Several strategies exist to characterize a system so that its response to an arbitrary stimulus can be predicted. In the time domain, these strategies are based on computing cross-correlations between the stimulus and the response.^{15,18,20,22,23,25,26,32,37} Stimuli that are used to determine kernels are presented in figure 34.2. Typical stimuli are white noise or pseudorandom sequences (PRS), such as M-sequences. In the frequency domain, the system's responses to a set of sine waves are described by Fourier analysis, and the responses of appropriate order (second order, etc.) are summed.^20,21,26,35

Figure 34.2.  

Stimuli for kernel analysis. The values of +1, 0, and −1 represent arbitrary dimensions. They may be thought of as input voltages, logic levels, or intensity levels. A, An effort to represent band-limited white noise. It should have a flat frequency spectrum and a Gaussian amplitude distribution. White noise may be approximated by using a sum of sinusoids (usually eight or more different frequencies). Binary pseudorandom sequences (B), ternary sequences (C), and sums of two sinusoids (D) have useful properties. Deterministic signals such as B, C, and D may have greater contrast, are computationally easier to analyze, and may be averaged.

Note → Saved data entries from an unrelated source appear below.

Lemma deriv_on_cont_on (f f' : R -> R) : deriv_on a b f f' -> cont_on a b f.
Proof.
  intros Hd x Hx eps Heps.
  destruct (Hd x Hx 1 Rlt_0_1) as [d [Hd0 Hdd]].
  set (K := Rabs (f' x) + 1).
  assert (HK : 0 < K) by (unfold K; pose proof (Rabs_pos (f' x)); lra).
  exists (Rmin d (eps / K)). split.
  { apply Rmin_glb_lt; [lra | apply Rdiv_lt_0_compat; lra]. }
  intros y Hy Hyx.
  pose proof (Rmin_l d (eps / K)). pose proof (Rmin_r d (eps / K)).
  assert (Hlin := Hdd y Hy ltac:(lra)).
  assert (Hslope : Rabs (f y - f x) <= K * Rabs (y - x)).
  { replace (f y - f x) with ((f y - f x - f' x * (y - x)) + f' x * (y - x)) by ring.
    eapply Rle_trans; [apply Rabs_triang|]. rewrite Rabs_mult. unfold K. lra. }
  assert (K * Rabs (y - x) < K * (eps / K)) by (apply Rmult_lt_compat_l; lra).
  replace (K * (eps / K)) with eps in * by (field; lra). lra.
Qed.

Lemma cont_on_continuity_pt (g : R -> R) (x : R) :
  cont_on a b g -> a <= x < b -> continuity_pt (fun t => g (Rmax a t)) x.
Proof.
  intros Hc Hx eps Heps. destruct (Hc x Hx eps Heps) as [d [Hd H]].
  exists (Rmin d (b - x)). split; [apply Rmin_glb_lt; lra|].
  intros t [_ Ht]. simpl in *. unfold Rdist in *.
  pose proof (Rmin_l d (b - x)). pose proof (Rmin_r d (b - x)).
  pose proof (Rabs_Rmax_sub_le a x t ltac:(lra)).
  rewrite (Rmax_right a x) by lra.
  assert (Hm := Rabs_def2 _ _ (Rle_lt_trans _ _ _ H2 Ht)).
  apply H; [split; [apply Rmax_l | lra] | lra].
Qed.

Lemma cont_on_limit_left (g : R -> R) :
  a < b -> cont_on a b g -> limit1_in g (fun x => a < x < b) (g a) a.
Proof.
  intros Hab Hc eps Heps. destruct (Hc a (conj (Rle_refl a) Hab) eps Heps) as [d [Hd H]].
  exists d. split; [lra|]. intros x [Hx Hxa]. apply H; [lra | exact Hxa].
Qed.

Lemma deriv_on_quotient_limit_left (f f' : R -> R) :
  a < b -> deriv_on a b f f' ->
  limit1_in (fun x => (f x - f a) / (x - a)) (fun x => a < x < b) (f' a) a.
Proof.
  intros Hab Hd eps Heps.
  destruct (Hd a (conj (Rle_refl a) Hab) (eps / 2) ltac:(lra)) as [d [Hd0 H]].
  exists d. split; [lra|]. intros x [Hx Hxa]. simpl in *. unfold Rdist in *.
  assert (Hq := H x ltac:(lra) Hxa). rewrite (Rabs_right (x - a)) in Hq by lra.
  replace ((f x - f a) / (x - a) - f' a) with ((f x - f a - f' a * (x - a)) / (x - a))
    by (field; lra).
  unfold Rdiv. rewrite Rabs_mult, Rabs_inv, (Rabs_right (x - a)) by lra.
  apply (Rmult_lt_reg_r (x - a)); [lra|].
  rewrite Rmult_assoc, Rinv_l by lra. nra.
Qed.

In using these input signals, it is possible to calculate a series of integrals that fully characterize the system's response to any arbitrary stimulus. Kernels are the weights of these integrals; as such, they are analogous to the coefficients of a polynomial. The zero-order kernel represents the bias or mean response of a system. The first-order kernel, analogous to the polynomial's first-order coefficient, represents the best linear approximation (in a least mean square error sense) of the response elicited by the stimulus and estimates the impulse response. The second-order kernel is analogous to the second-order coefficient in a polynomial equation; it represents the interactions of two stimulus pulses or variations in stimulus pulse amplitude on the response. It is difficult to record enough response samples to characterize higher-order kernels accurately. Consequently, it is uncommon to calculate kernels beyond the second order. Figure 34.3 illustrates some of the difficulties of linear approximations of nonlinear systems. A linear approximation of a nonlinear system varies with the range of stimulus conditions over which the estimate is made.

Figure 34.3.  

Linear approximations of the response of a non-linear system. The dashed lines extending to the abscissa indicate the limits of the stimulus conditions; those extending to the ordinate indicate the limits of the observed responses. The straight lines were best fit through the indicated regions. Linear estimates of a nonlinear process will be different depending on the input conditions, such as mean luminance or contrast, and are highly dependent on the stimulus values used. Consequently, different experiments can yield very different estimates of the first-order kernel. The presence of a strong, reliable first-order kernel for a particular stimulus range does not mean that the system or the response is linear.